With regards to the ORE, the “multidimensional space” model has garnered empirical support from computational modelling studies (Caldara and Abdi, 2006) and in recent electro-encephalography (EEG) and functional Magnetic Resonance Imaging (fMRI) studies showing enhanced individuation of own-race faces in putatively face-preferential neurophysiological responses (Vizioli, Rousselet, & Caldara, 2010; Vizioli, 2012). Given that a norm-based version of this account may be plausibly extended to voices (Bruckert et al., 2010; Latinus and Belin, 2011; Andics et al., 2013; Latinus et al., 2013; Yovel and Belin, 2013), it might also represent a useful basis for interpreting the LFE. Behavioural studies provide some support for voice recognition failure based on degraded

phonological representations (Perrachione et al., 2011), but do not explicitly evaluate listeners’ perceptions of similarity among different native and foreign talkers.

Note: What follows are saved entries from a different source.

(* Fix $y>0$ and prices $0\le p_1'<p_1''\le y$, and consider an increase in the price of good 1 from $p_1'$ to $p_1''$. Suppose Assumptions 1 (with $U_0$ strictly increasing) and 2 hold. For a consumer $i$ with threshold $t_i$: 1. If $p_1'\ge t_i$ (no attention), then regardless of preferences $S^{EV}=0$. 2. If $U_1(y-p_1')\le U_0(y)$, then regardless of attention $S^{EV}=0$. 3. If $U_1(y-p_1'')\le U_0(y)<U_1(y-p_1')$, then for both full attention ($p_1'<p_1''<t_i$) and partial attention ($p_1'<t_i\le p_1''$) consumers, $S^{EV}=y-p_1'-U_1^{-1}(U_0(y))=p^{10}-p_1'\le p_1''-p_1'$. 4. If $U_0(y)<U_1(y-p_1'')<U_1(y-p_1')$, then (a) if $p_1'<p_1''<t_i$ (full attention), $S^{EV}=p_1''-p_1'$; (b) if $p_1'<t_i\le p_1''$ (partial attention), $S^{EV}=y-p_1'-U_1^{-1}(U_0(y))=p^{10}-p_1'>p_1''-p_1'$. Here $p^{10}$ denotes the price of good 1 satisfying $U_1(y-p^{10})=U_0(y)$.
   Context: Two goods, $0$ (price $0$) and $1$ (price $p_1\ge0$). All consumers have common income $y>0$, choose one good and spend the remainder on a numeraire. All consumers share utility functions $U_0:(0,\infty)\to[0,\infty)$ and $U_1:[0,\infty)\to[0,\infty)$ of the numeraire amount. Each consumer $i$ has an attention-price threshold $t_i$, distributed in the population with CDF $G$; consumer $i$ considers good 1 at price $p_1$ iff $p_1<t_i$ (good 0 is always considered) and chooses her utility-maximizing considered good, ties broken toward good 0. Assumption 1: (i) $U_0$ strictly increasing, $U_1$ continuous and strictly increasing; (ii) for every $y>0$ there is $\bar p_1\in[0,y]$ with $U_0(y)\ge U_1(y-\bar p_1)$. Assumption 2: $G(0)=0$. Equivalent variation of consumer $i$ for the price increase from $p_1'$ to $p_1''$: if $p_1''<t_i$ (full attention), $S^{EV}$ is the solution $S$ of $\max\{U_0(y-S),U_1(y-S-p_1')\}=\max\{U_0(y),U_1(y-p_1'')\}$; if $p_1'<t_i\le p_1''$ (partial attention), it solves $\max\{U_0(y-S),U_1(y-S-p_1')\}=U_0(y)$; if $p_1'\ge t_i$ (no attention), it solves $U_0(y-S)=U_0(y)$. *)

From Stdlib Require Import Reals.
Open Scope R_scope.

(* Utilities are total functions R -> R; only their values on the economic
   domains ((0,oo) for U0, [0,oo) for U1) are ever used. *)

(* [best_value U0 U1 y p S v] : with income y - S and price p of good 1,
   the maximal utility over the AVAILABLE options equals v, i.e.
   max{U0(y-S), U1(y-S-p)} = v, where good 0 is available iff y-S > 0
   (domain of U0) and good 1 iff y-S-p >= 0 (domain of U1). *)
Definition best_value (U0 U1 : R -> R) (y p S v : R) : Prop :=
  ((0 < y - S /\ U0 (y - S) = v) \/ (0 <= y - S - p /\ U1 (y - S - p) = v)) /\
  (0 < y - S -> U0 (y - S) <= v) /\
  (0 <= y - S - p -> U1 (y - S - p) <= v).

Definition EV_solves (U0 U1 : R -> R) (y p1' p1'' t S : R) : Prop :=
  (p1'' < t -> best_value U0 U1 y p1' S (Rmax (U0 y) (U1 (y - p1'')))) /\
  (p1' < t <= p1'' -> best_value U0 U1 y p1' S (U0 y)) /\
  (t <= p1' -> 0 < y - S /\ U0 (y - S) = U0 y).

Definition EV_is (U0 U1 : R -> R) (y p1' p1'' t s : R) : Prop :=
  EV_solves U0 U1 y p1' p1'' t s /\
  forall S, EV_solves U0 U1 y p1' p1'' t S -> S = s.

Definition is_U1inv (U1 : R -> R) (v u : R) : Prop := 0 <= u /\ U1 u = v.

Definition is_p10 (U0 U1 : R -> R) (y p10 : R) : Prop :=
  is_U1inv U1 (U0 y) (y - p10).

(* Strict monotonicity of U0 and U1 makes every regime of the EV equation
   have exactly one solution, read off from where the target utility is
   attained.  When the target U0(y) is below U1(y - p1'), Assumption 1(ii)
   gives a price at which good 1 is worse than good 0, and the intermediate
   value theorem for U1 yields u = U1^{-1}(U0(y)); comparing u with y - p1''
   by monotonicity gives the bounds against p1'' - p1'. *)

From Stdlib Require Import Reals Ranalysis5 Lra.
Open Scope R_scope.

Section StrictlyIncreasingOn.

Variables (D : R -> Prop) (f : R -> R).
Hypothesis f_incr : forall a b, D a -> a < b -> f a < f b.

Lemma incr_on_lt_reflect a b : D b -> f a < f b -> a < b.
Proof.
  intros Db Hlt.
  destruct (Rtotal_order a b) as [Hab | [-> | Hba]]; [exact Hab | lra |].
  specialize (f_incr b a Db Hba); lra.
Qed.

Lemma incr_on_le_reflect a b : D b -> f a <= f b -> a <= b.
Proof.
  intros Db Hle.
  destruct (Rle_lt_dec a b) as [Hab | Hba]; [exact Hab |].
  specialize (f_incr b a Db Hba); lra.
Qed.

Lemma incr_on_inj a b : D a -> D b -> f a = f b -> a = b.
Proof.
  intros Da Db Heq.
  apply Rle_antisym; apply incr_on_le_reflect; auto; lra.
Qed.

End StrictlyIncreasingOn.

Lemma continuity_pt_Rmax0 (f : R -> R) a :
  (forall x, 0 <= x -> continue_in f (fun z => 0 <= z) x) ->
  0 <= a -> continuity_pt (fun z => f (Rmax 0 z)) a.
Proof.
  intros f_cont Ha eps Heps.
  destruct (f_cont a Ha eps Heps) as [alp [Halp Hclose]].
  exists alp; split; [exact Halp |].
  intros x [_ Hxa]; simpl in *; unfold R_dist in *.
  rewrite (Rmax_right 0 a Ha).
  destruct (Req_dec (Rmax 0 x) a) as [-> | Hne].
  - unfold Rminus; rewrite Rplus_opp_r, Rabs_R0; lra.
  - apply Hclose; split; [split; [apply Rmax_l | congruence] |].
    apply Rle_lt_trans with (Rabs (x - a)); [| exact Hxa].
    unfold Rmax; destruct (Rle_dec 0 x); [lra |].
    rewrite !Rabs_left1; lra.
Qed.

(* f is only continuous within [0,oo), so the unrestricted IVT is applied to
   the clamped function z |-> f (Rmax 0 z). *)
Lemma continue_in_ivt (f : R -> R) a b v :
  (forall x, 0 <= x -> continue_in f (fun z => 0 <= z) x) ->
  0 <= a -> a < b -> f a <= v <= f b -> exists u, a <= u <= b /\ f u = v.
Proof.
  intros f_cont Ha Hab Hv.
  destruct (f_interv_is_interv (fun z => f (Rmax 0 z)) a b v Hab)
    as [u [Hu Hfu]].
  - rewrite !Rmax_right by lra; exact Hv.
  - intros x Hx; apply continuity_pt_Rmax0; [exact f_cont | lra].
  - exists u; split; [exact Hu |].
    rewrite Rmax_right in Hfu by lra; exact Hfu.
Qed.

Section BestValue.

Variables U0 U1 : R -> R.
Hypothesis U0_incr : forall a b, 0 < a -> a < b -> U0 a < U0 b.
Hypothesis U1_incr : forall a b, 0 <= a -> a < b -> U1 a < U1 b.

Definition best_value_is (y p v s : R) : Prop :=
  best_value U0 U1 y p s v /\ forall S, best_value U0 U1 y p S v -> S = s.

Lemma best_value_is_U0_zero y p :
  0 < y -> U1 (y - p) <= U0 y -> best_value_is y p (U0 y) 0.
Proof.
  intros Hy HU; unfold best_value_is, best_value; rewrite !Rminus_0_r; split.
  - split; [left; split; [exact Hy | reflexivity] |].
    split; intros; [lra | exact HU].
  - intros S [[[HS HUS] | [HS HUS]] [HU0S _]].
    + apply (incr_on_inj _ _ U0_incr) in HUS; [lra | exact HS | exact Hy].
    + assert (S_nonpos : S <= 0).
      { destruct (Rle_lt_dec S 0) as [HS0 | HS0]; [exact HS0 |].
        specialize (U1_incr (y - S - p) (y - p) HS ltac:(lra)); lra. }
      specialize (HU0S ltac:(lra)).
      apply (incr_on_le_reflect _ _ U0_incr) in HU0S; [lra | exact Hy].
Qed.

Lemma best_value_is_U0_inv y p u :
  0 < y -> p <= y -> U0 y < U1 (y - p) -> is_U1inv U1 (U0 y) u ->
  best_value_is y p (U0 y) (y - p - u).
Proof.
  intros Hy Hpy HU [Hu HUu].
  assert (u_lt : u < y - p).
  { apply (incr_on_lt_reflect _ _ U1_incr); [lra | congruence]. }
  unfold best_value_is, best_value.
  replace (y - (y - p - u) - p) with u by ring. split.
  - split; [right; split; [exact Hu | exact HUu] |].
    split; [| intros; lra].
    intros Hpos; apply Rlt_le, U0_incr; lra.
  - intros S [[[HS HUS] | [HS HUS]] [_ HU1S]].
    + apply (incr_on_inj _ _ U0_incr) in HUS; [| exact HS | exact Hy].
      replace (y - S - p) with (y - p) in HU1S by lra.
      specialize (HU1S ltac:(lra)); lra.
    + rewrite <- HUu in HUS.
      apply (incr_on_inj _ _ U1_incr) in HUS; [lra | exact HS | exact Hu].
Qed.

Lemma best_value_is_U1 y p q :
  p <= q <= y -> U0 y < U1 (y - q) ->
  best_value_is y p (U1 (y - q)) (q - p).
Proof.
  intros Hpq HU; unfold best_value_is, best_value.
  replace (y - (q - p) - p) with (y - q) by ring. split.
  - split; [right; split; [lra | reflexivity] |].
    split; [| intros; lra].
    intros Hpos; destruct (Req_dec q p) as [-> | Hne].
    + replace (y - (p - p)) with y by ring; lra.
    + specialize (U0_incr (y - (q - p)) y Hpos ltac:(lra)); lra.
  - intros S [[[HS HUS] | [HS HUS]] [_ HU1S]].
    + assert (S_neg : S < 0).
      { enough (y < y - S) by lra.
        apply (incr_on_lt_reflect _ _ U0_incr); [exact HS | lra]. }
      specialize (HU1S ltac:(lra)).
      specialize (U1_incr (y - q) (y - S - p) ltac:(lra) ltac:(lra)); lra.
    + apply (incr_on_inj _ _ U1_incr) in HUS; lra.
Qed.

Lemma U1inv_exists y p :
  (forall x, 0 <= x -> continue_in U1 (fun z => 0 <= z) x) ->
  (exists pbar, 0 <= pbar <= y /\ U1 (y - pbar) <= U0 y) ->
  p <= y -> U0 y < U1 (y - p) -> exists u, is_U1inv U1 (U0 y) u.
Proof.
  intros U1_cont [pbar [Hpbar HUpbar]] Hpy HU.
  assert (pbar_gt : y - pbar < y - p).
  { apply (incr_on_lt_reflect _ _ U1_incr); lra. }
  destruct (continue_in_ivt U1 (y - pbar) (y - p) (U0 y) U1_cont)
    as [u [Hu HUu]]; [lra | exact pbar_gt | lra |].
  exists u; split; [lra | exact HUu].
Qed.

End BestValue.

Lemma is_p10_of_U1inv U0 U1 y u :
  is_U1inv U1 (U0 y) u -> is_p10 U0 U1 y (y - u).
Proof.
  unfold is_p10; replace (y - (y - u)) with u by ring; auto.
Qed.

Section Attention.

Variables (U0 U1 : R -> R) (y p1' p1'' t : R).
Hypothesis price_incr : p1' < p1''.

Lemma EV_is_no_attention :
  (forall a b, 0 < a -> a < b -> U0 a < U0 b) ->
  0 < y -> t <= p1' -> EV_is U0 U1 y p1' p1'' t 0.
Proof.
  intros U0_incr Hy Ht. split.
  - split; [intros; lra |]. split; [intros; lra |].
    intros _; rewrite Rminus_0_r; auto.
  - intros S [_ [_ Hnone]]; destruct (Hnone Ht) as [HS HUS].
    apply (incr_on_inj _ _ U0_incr) in HUS; [lra | exact HS | exact Hy].
Qed.

Lemma EV_is_partial_attention s :
  p1' < t <= p1'' -> best_value_is U0 U1 y p1' (U0 y) s ->
  EV_is U0 U1 y p1' p1'' t s.
Proof.
  intros Ht [Hs Huniq]. split.
  - split; [intros; lra |]. split; [intros; exact Hs | intros; lra].
  - intros S [_ [Hpart _]]; apply Huniq, Hpart, Ht.
Qed.

Lemma EV_is_full_attention s :
  p1'' < t -> best_value_is U0 U1 y p1' (Rmax (U0 y) (U1 (y - p1''))) s ->
  EV_is U0 U1 y p1' p1'' t s.
Proof.
  intros Ht [Hs Huniq]. split.
  - split; [intros; exact Hs |]. split; intros; lra.
  - intros S [Hfull _]; apply Huniq, Hfull, Ht.
Qed.

Lemma EV_is_attention_U0 s :
  p1' < t -> U1 (y - p1'') <= U0 y -> best_value_is U0 U1 y p1' (U0 y) s ->
  EV_is U0 U1 y p1' p1'' t s.
Proof.
  intros Ht HU Hs.
  destruct (Rlt_le_dec p1'' t) as [Hfull | Hpart].
  - apply EV_is_full_attention; [exact Hfull |].
    rewrite Rmax_left by exact HU; exact Hs.
  - apply EV_is_partial_attention; [lra | exact Hs].
Qed.

End Attention.

Theorem lemma1 (U0 U1 : R -> R) (y p1' p1'' t : R)
  (* prices and income *)
  (Hy : 0 < y) (Hp' : 0 <= p1') (Hpp : p1' < p1'') (Hp'' : p1'' <= y)
  (* codomains [0,oo) on the respective domains *)
  (HU0nn : forall x, 0 < x -> 0 <= U0 x)
  (HU1nn : forall x, 0 <= x -> 0 <= U1 x)
  (* Assumption 1(i) *)
  (HU0inc : forall a b, 0 < a -> a < b -> U0 a < U0 b)
  (HU1inc : forall a b, 0 <= a -> a < b -> U1 a < U1 b)
  (HU1cont : forall x, 0 <= x -> continue_in U1 (fun z => 0 <= z) x)
  (* Assumption 1(ii) *)
  (HA1ii : forall y', 0 < y' -> exists pbar, 0 <= pbar <= y' /\ U1 (y' - pbar) <= U0 y')
  (* Assumption 2 (G(0) = 0), for consumer i: threshold t_i > 0 *)
  (Ht : 0 < t) :
  (* 1. no attention *)
  (t <= p1' -> EV_is U0 U1 y p1' p1'' t 0) /\
  (* 2. *)
  (U1 (y - p1') <= U0 y -> EV_is U0 U1 y p1' p1'' t 0) /\
  (* 3. full or partial attention *)
  (U1 (y - p1'') <= U0 y < U1 (y - p1') ->
     p1'' < t \/ (p1' < t /\ t <= p1'') ->
     exists u p10, is_U1inv U1 (U0 y) u /\ is_p10 U0 U1 y p10 /\
       EV_is U0 U1 y p1' p1'' t (y - p1' - u) /\
       y - p1' - u = p10 - p1' /\ p10 - p1' <= p1'' - p1') /\
  (* 4. *)
  (U0 y < U1 (y - p1'') < U1 (y - p1') ->
     (* (a) full attention *)
     (p1'' < t -> EV_is U0 U1 y p1' p1'' t (p1'' - p1')) /\
     (* (b) partial attention *)
     (p1' < t <= p1'' ->
       exists u p10, is_U1inv U1 (U0 y) u /\ is_p10 U0 U1 y p10 /\
         EV_is U0 U1 y p1' p1'' t (y - p1' - u) /\
         y - p1' - u = p10 - p1' /\ p10 - p1' > p1'' - p1')).
Proof.
  assert (U1_price : U1 (y - p1'') < U1 (y - p1')) by (apply HU1inc; lra).
  split; [apply EV_is_no_attention; auto |].
  split.
  { intros HU; destruct (Rle_lt_dec t p1') as [Hnone | Hatt].
    - apply EV_is_no_attention; auto.
    - apply EV_is_attention_U0; [exact Hpp | exact Hatt | lra |].
      apply best_value_is_U0_zero; auto. }
  split.
  { intros [HU'' HU'] Hatt.
    destruct (U1inv_exists U0 U1 HU1inc y p1' HU1cont (HA1ii y Hy)) as [u Hu];
      [lra | exact HU' |].
    exists u, (y - u); split; [exact Hu |]; split; [apply is_p10_of_U1inv, Hu |].
    split; [| split; [ring |]].
    - apply EV_is_attention_U0; [exact Hpp | lra | exact HU'' |].
      apply best_value_is_U0_inv; auto; lra.
    - destruct Hu as [Hu HUu]; rewrite <- HUu in HU''.
      apply (incr_on_le_reflect _ _ HU1inc) in HU''; [lra | exact Hu]. }
  intros [HU'' _]; split.
  - intros Hfull; apply EV_is_full_attention; [exact Hpp | exact Hfull |].
    rewrite Rmax_right by lra; apply best_value_is_U1; auto; lra.
  - intros Hpart.
    destruct (U1inv_exists U0 U1 HU1inc y p1'' HU1cont (HA1ii y Hy)) as [u Hu];
      [exact Hp'' | exact HU'' |].
    exists u, (y - u); split; [exact Hu |]; split; [apply is_p10_of_U1inv, Hu |].
    split; [| split; [ring |]].
    + apply EV_is_partial_attention; [exact Hpart |].
      apply best_value_is_U0_inv; auto; lra.
    + destruct Hu as [Hu HUu]; rewrite <- HUu in HU''.
      apply (incr_on_lt_reflect _ _ HU1inc) in HU''; lra.
Qed.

Furthermore, while the ORE has enjoyed sustained interest from the neuroimaging community (for a review, see Natu, Raboy, & O’Toole, 2011), no explicit examination of the neural basis of the LFE has been conducted, to my knowledge. The neural bases of speech perception (Hickok & Poeppel, 2007; McGettigan & Scott, 2012; Price, 2010, 2012; Scott & McGettigan, 2013) and voice recognition (Belin et al., 2004; Belin et al., 2011; Yovel and Belin, 2013; Schweinberger et al., 2014) have been, respectively, relatively well- studied, but most investigations evaluate these phenomena separately. However, neuro- cognitive models (Belin et al., 2004; 2011) and behavioural findings – such as the LFE – strongly suggest that the two systems are coupled in realizing successful voice

recognition. Indeed, a handful of recent neuroimaging works have begun to investigate this interaction. For example, it was recently shown that speech perception areas in the posterior left superior temporal cortex (STC) responded to speaker-related changes in vocal tract parameters (von Kriegstein, Smith, Patterson, Kiebel, & Griffiths, 2010). Furthermore, right posterior STC processed speaker-related information during a speech

recognition task as contrasted with a voice recognition task, and these left and right posterior superior-temporal regions were functionally connected. More recently,

Chandrasekaran and colleagues (Chandrasekaran, Chan, & Wong, 2011) showed that the left posterior middle temporal gyrus (MTG) exhibited reduced BOLD-signal adaptation to variations in both indexical (speaker-related) and lexical (word) information, as

contrasted with a condition where all stimulus content was repeated (i.e., same speaker identity and same word repeated). The authors interpreted this as evidence of neural integration of “what” and “who” information in this region. Taking these findings into account, therefore, it is important to determine the extent to which such putative

integrative regions are perturbed under foreign speech conditions, as contrasted with the familiar speech conditions previously used.